People of this country have been surviving in the existence of their culture and costume for a long period of time and they are continuing their successes. With preserving a balance with nature, this country is possessed as a coloured and beautiful one with the touches of Malays and tourists. Many functions and festivals colour this ‘Paradise’ respectively whole over the year. That’s, however, attracts tourists form every corner of the world. “A huge 20.7 Million foreign tourists came to Malaysia in 2007 and crossed 20.1 Million mark set as the goal for the Visit Malaysia 2007 campaign. Maximum tourists visited the country came from ASEAN countries followed by Japan, China and Australia. Now experts are targeting new markets, which include India and the Middle East” (RNCOS Retail Sector Research. January 14, 2008). Some reputed Tourist zones of Malaysia are as follows- Kuala Lumpur – A Passage Back in Time, Penang – Pearl of the Orient, Kuantan; Malacca – Historical City, Sarawak Cultural Village, The eye of Malaysia etc.

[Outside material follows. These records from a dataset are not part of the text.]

(* Let $\mathbf L\in\mathbb R_+^{n\times k}$ and let $\boldsymbol\psi:\mathcal C\to\mathbb R_+^n$ be a surrogate loss on a convex set $\mathcal C\subseteq\mathbb R^d$. Then $\boldsymbol\psi$ is $\mathbf L$-calibrated if and only if there exists a function $\mathrm{pred}':\mathcal S_\psi\to[k]$ such that for every $\mathbf p\in\Delta_n$ and every sequence $\{\mathbf z_m\}$ in $\mathcal S_\psi$ with $\lim_{m\to\infty}\mathbf p^\top\mathbf z_m=\inf_{\mathbf z\in\mathcal S_\psi}\mathbf p^\top\mathbf z$, we have $\mathbf p^\top\boldsymbol\ell_{\mathrm{pred}'(\mathbf z_m)}=\min_{t\in[k]}\mathbf p^\top\boldsymbol\ell_t$ for all sufficiently large $m$.
   Context: Notation: $[m]=\{1,\dots,m\}$; $\Delta_n=\{\mathbf p\in\mathbb R_+^n:\sum_i p_i=1\}$. A loss matrix $\mathbf L\in\mathbb R_+^{n\times k}$ has columns $\boldsymbol\ell_t$, $t\in[k]$. $\mathcal R_\psi=\boldsymbol\psi(\mathcal C)$, $\mathcal S_\psi=\operatorname{conv}(\mathcal R_\psi)$. $\boldsymbol\psi$ is $\mathbf L$-calibrated if there is $\mathrm{pred}:\mathcal C\to[k]$ such that for all $\mathbf p\in\Delta_n$: $\inf_{\mathbf u\in\mathcal C:\mathrm{pred}(\mathbf u)\notin\operatorname{argmin}_t\mathbf p^\top\boldsymbol\ell_t}\mathbf p^\top\boldsymbol\psi(\mathbf u)>\inf_{\mathbf u\in\mathcal C}\mathbf p^\top\boldsymbol\psi(\mathbf u)$ (an infimum over the empty set is $+\infty$). *)

(* classical reals. Vectors in R^m are functions nat -> R;
   only coordinates 0..m-1 are meaningful. *)
From Stdlib Require Import Reals.
Open Scope R_scope.

Fixpoint dot (n : nat) (p z : nat -> R) : R :=
  match n with
  | O => 0
  | S m => dot m p z + p m * z m
  end.

Definition vec_in (m : nat) (v : nat -> R) : Prop :=
  forall i, (m <= i)%nat -> v i = 0.

Definition in_simplex (n : nat) (p : nat -> R) : Prop :=
  (forall i, (i < n)%nat -> 0 <= p i) /\ dot n p (fun _ => 1) = 1.

Definition convex_subset (d : nat) (C : (nat -> R) -> Prop) : Prop :=
  (forall u, C u -> vec_in d u) /\
  (forall u v t, C u -> C v -> 0 <= t <= 1 ->
     C (fun i => t * u i + (1 - t) * v i)).

Definition R_psi (n : nat) (C : (nat -> R) -> Prop) (psi : (nat -> R) -> nat -> R)
  (x : nat -> R) : Prop :=
  exists u, C u /\ forall i, (i < n)%nat -> x i = psi u i.

Definition conv (n : nat) (A : (nat -> R) -> Prop) (z : nat -> R) : Prop :=
  vec_in n z /\
  exists (m : nat) (lam : nat -> R) (a : nat -> nat -> R),
    (forall j, (j < m)%nat -> 0 <= lam j /\ A (a j)) /\
    dot m lam (fun _ => 1) = 1 /\
    forall i, (i < n)%nat -> z i = dot m lam (fun j => a j i).

Definition S_psi (n : nat) (C : (nat -> R) -> Prop) (psi : (nat -> R) -> nat -> R) :=
  conv n (R_psi n C psi).

Definition is_glb (A : R -> Prop) (m : R) : Prop :=
  (forall x, A x -> m <= x) /\ (forall b, (forall x, A x -> b <= x) -> b <= m).

Definition col (L : nat -> nat -> R) (t : nat) : nat -> R := fun i => L i t.

Definition optimal (n k : nat) (L : nat -> nat -> R) (p : nat -> R) (t : nat) : Prop :=
  (t < k)%nat /\
  forall t', (t' < k)%nat -> dot n p (col L t) <= dot n p (col L t').

(* psi is L-calibrated; an infimum over the empty set is +infinity,
   so the strict inequality holds trivially when the left set is empty. *)
Definition calibrated (n k : nat) (L : nat -> nat -> R)
  (C : (nat -> R) -> Prop) (psi : (nat -> R) -> nat -> R) : Prop :=
  exists pred : (nat -> R) -> nat,
    (forall u, C u -> (pred u < k)%nat) /\
    forall p, in_simplex n p ->
      let Abad := fun r => exists u, C u /\ ~ optimal n k L p (pred u) /\ r = dot n p (psi u) in
      let Aall := fun r => exists u, C u /\ r = dot n p (psi u) in
      (forall r, ~ Abad r) \/
      exists a b, is_glb Abad a /\ is_glb Aall b /\ b < a.

From Stdlib Require Import Reals Lra Lia Classical ClassicalEpsilon.
Open Scope R_scope.

(* By Caratheodory, every z in S_psi is a convex combination of at most n + 1 points
   psi(u_j), so one of them, u, has weight at least 1/(n+1).  Hence for every p in the
   simplex, p.psi(u) - inf <= (n+1) (p.z - inf), and pred' z := pred u inherits
   calibration: along a minimizing sequence z_m the points u_m eventually fall below the
   infimum over suboptimal predictions.  Conversely, with pred u := pred' (psi u), a
   minimizing sequence of suboptimal u_m would contradict the condition on S_psi if the
   suboptimal infimum equalled the overall one. *)

Fixpoint fsum (m : nat) (f : nat -> R) : R :=
  match m with O => 0 | S m' => fsum m' f + f m' end.

Lemma dot_fsum n p z : dot n p z = fsum n (fun i => p i * z i).
Proof. induction n as [|n IH]; simpl; [reflexivity | now rewrite IH]. Qed.

Lemma fsum_ext m f g : (forall j, (j < m)%nat -> f j = g j) -> fsum m f = fsum m g.
Proof.
  induction m as [|m IH]; intros Hfg; simpl; [reflexivity|].
  rewrite IH by (intros; apply Hfg; lia). now rewrite Hfg by lia.
Qed.

Lemma dot_ext n p z z' : (forall i, (i < n)%nat -> z i = z' i) -> dot n p z = dot n p z'.
Proof. intros Hz. rewrite !dot_fsum. apply fsum_ext. intros i Hi. now rewrite Hz. Qed.

Lemma fsum_add m f g : fsum m (fun j => f j + g j) = fsum m f + fsum m g.
Proof. induction m as [|m IH]; simpl; [lra | rewrite IH; lra]. Qed.

Lemma fsum_scal m c f : fsum m (fun j => c * f j) = c * fsum m f.
Proof. induction m as [|m IH]; simpl; [lra | rewrite IH; lra]. Qed.

Lemma fsum_const m c : fsum m (fun _ => c) = INR m * c.
Proof. induction m as [|m IH]; [simpl; lra | simpl fsum; rewrite IH, S_INR; lra]. Qed.

Lemma fsum_comm n m f :
  fsum n (fun i => fsum m (fun j => f i j)) = fsum m (fun j => fsum n (fun i => f i j)).
Proof.
  induction n as [|n IH]; simpl.
  - rewrite fsum_const. lra.
  - now rewrite IH, <- fsum_add.
Qed.

Lemma fsum_le m f g : (forall j, (j < m)%nat -> f j <= g j) -> fsum m f <= fsum m g.
Proof.
  induction m as [|m IH]; intros Hfg; simpl; [lra|].
  assert (fsum m f <= fsum m g) by (apply IH; intros; apply Hfg; lia).
  assert (f m <= g m) by (apply Hfg; lia). lra.
Qed.

Lemma fsum_nonneg m f : (forall j, (j < m)%nat -> 0 <= f j) -> 0 <= fsum m f.
Proof. intros Hf. rewrite <- (Rmult_0_r (INR m)), <- fsum_const. now apply fsum_le. Qed.

Lemma fsum_ge_term m f j : (forall i, (i < m)%nat -> 0 <= f i) -> (j < m)%nat ->
  f j <= fsum m f.
Proof.
  induction m as [|m IH]; intros Hf Hj; simpl; [lia|].
  assert (0 <= f m) by (apply Hf; lia).
  destruct (Nat.eq_dec j m) as [->|Hne].
  - assert (0 <= fsum m f) by (apply fsum_nonneg; intros; apply Hf; lia). lra.
  - assert (f j <= fsum m f) by (apply IH; [intros; apply Hf | ]; lia). lra.
Qed.

Lemma fsum_update m j0 x f : (j0 < m)%nat ->
  fsum m (fun j => if Nat.eqb j j0 then x else f j) = fsum m f - f j0 + x.
Proof.
  induction m as [|m IH]; intros Hj0; [lia|]. simpl.
  destruct (Nat.eq_dec j0 m) as [->|Hne].
  - rewrite Nat.eqb_refl, (fsum_ext m _ f); [lra|].
    intros i Hi. destruct (Nat.eqb_spec i m); [lia | reflexivity].
  - rewrite IH by lia. destruct (Nat.eqb_spec m j0); [lia | lra].
Qed.

Definition transp (a b j : nat) : nat :=
  if Nat.eqb j a then b else if Nat.eqb j b then a else j.

Lemma transp_r a b : transp a b b = a.
Proof. unfold transp. destruct (Nat.eqb_spec b a); [easy|]. now rewrite Nat.eqb_refl. Qed.

Lemma transpK a b j : transp a b (transp a b j) = j.
Proof.
  unfold transp.
  repeat match goal with
  | |- context [Nat.eqb ?x ?y] => is_var x; is_var y; destruct (Nat.eqb_spec x y)
  end; subst; rewrite ?Nat.eqb_refl; repeat (destruct (Nat.eqb_spec _ _)); lia.
Qed.

Lemma transp_lt a b j m : (a < m)%nat -> (b < m)%nat -> (j < m)%nat -> (transp a b j < m)%nat.
Proof. unfold transp. destruct (Nat.eqb j a), (Nat.eqb j b); lia. Qed.

Lemma fsum_transp_last m j0 f : (j0 <= m)%nat ->
  fsum (S m) (fun j => f (transp j0 m j)) = fsum (S m) f.
Proof.
  intros Hj0. destruct (Nat.eq_dec j0 m) as [->|Hne].
  - apply fsum_ext. intros j _. unfold transp. destruct (Nat.eqb_spec j m); now subst.
  - simpl. rewrite transp_r.
    rewrite (fsum_ext m _ (fun j => if Nat.eqb j j0 then f m else f j)).
    + rewrite fsum_update by lia. lra.
    + intros j Hj. unfold transp. destruct (Nat.eqb_spec j j0); [easy|].
      destruct (Nat.eqb_spec j m); [lia | easy].
Qed.

Lemma exists_argmin m (P : nat -> Prop) (f : nat -> R) :
  (exists j, (j < m)%nat /\ P j) ->
  exists j, (j < m)%nat /\ P j /\ forall i, (i < m)%nat -> P i -> f j <= f i.
Proof.
  induction m as [|m IH]; intros [j0 [Hj0 HP0]]; [lia|].
  destruct (classic (exists j, (j < m)%nat /\ P j)) as [Hex|Hnone].
  - destruct (IH Hex) as [j [Hj [HPj Hmin]]].
    destruct (classic (P m /\ f m < f j)) as [[HPm Hlt]|Hnot].
    + exists m. repeat split; auto. intros i Hi HPi.
      destruct (Nat.eq_dec i m) as [->|]; [lra|].
      specialize (Hmin i ltac:(lia) HPi). lra.
    + exists j. repeat split; auto. intros i Hi HPi.
      destruct (Nat.eq_dec i m) as [->|].
      * apply Rnot_lt_le. intro. now apply Hnot.
      * apply Hmin; auto; lia.
  - exists m. assert (j0 = m) as <-.
    { destruct (Nat.eq_dec j0 m); auto. exfalso. apply Hnone. exists j0. split; auto; lia. }
    repeat split; auto. intros i Hi HPi.
    destruct (Nat.eq_dec i j0) as [->|]; [lra|].
    exfalso. apply Hnone. exists i. split; auto; lia.
Qed.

Constructional Comparison of the two country’s Religious Culture

Since the 10th century to 1930s Malaysia was in colonial curse. Its political sovereignty was to the British and economic sovereignty to the Chinese. “Malaysia reformed as an independent country in 1957, after the Sino Japanese war in 1930’s” (About Malaysia and Bhattacharya, 2005). But Thailand, from the beginning, was never been a colony of other. So with the viewing historically, Malays influenced vastly politically and economically by others which was a fact for influencing their culture. Politically, Malays’ economy is controlled much by the construction of its govt. religious policy. According to Hourdequin (23 November 2007), “Malaysia needs trade from all quarters, not just the Muslim world, and thus Mahathir and then Abdullah Badawi have sought to maintain a moderate Muslim state in the heart of Southeast Asia that still holds on to a core Islamic identity.”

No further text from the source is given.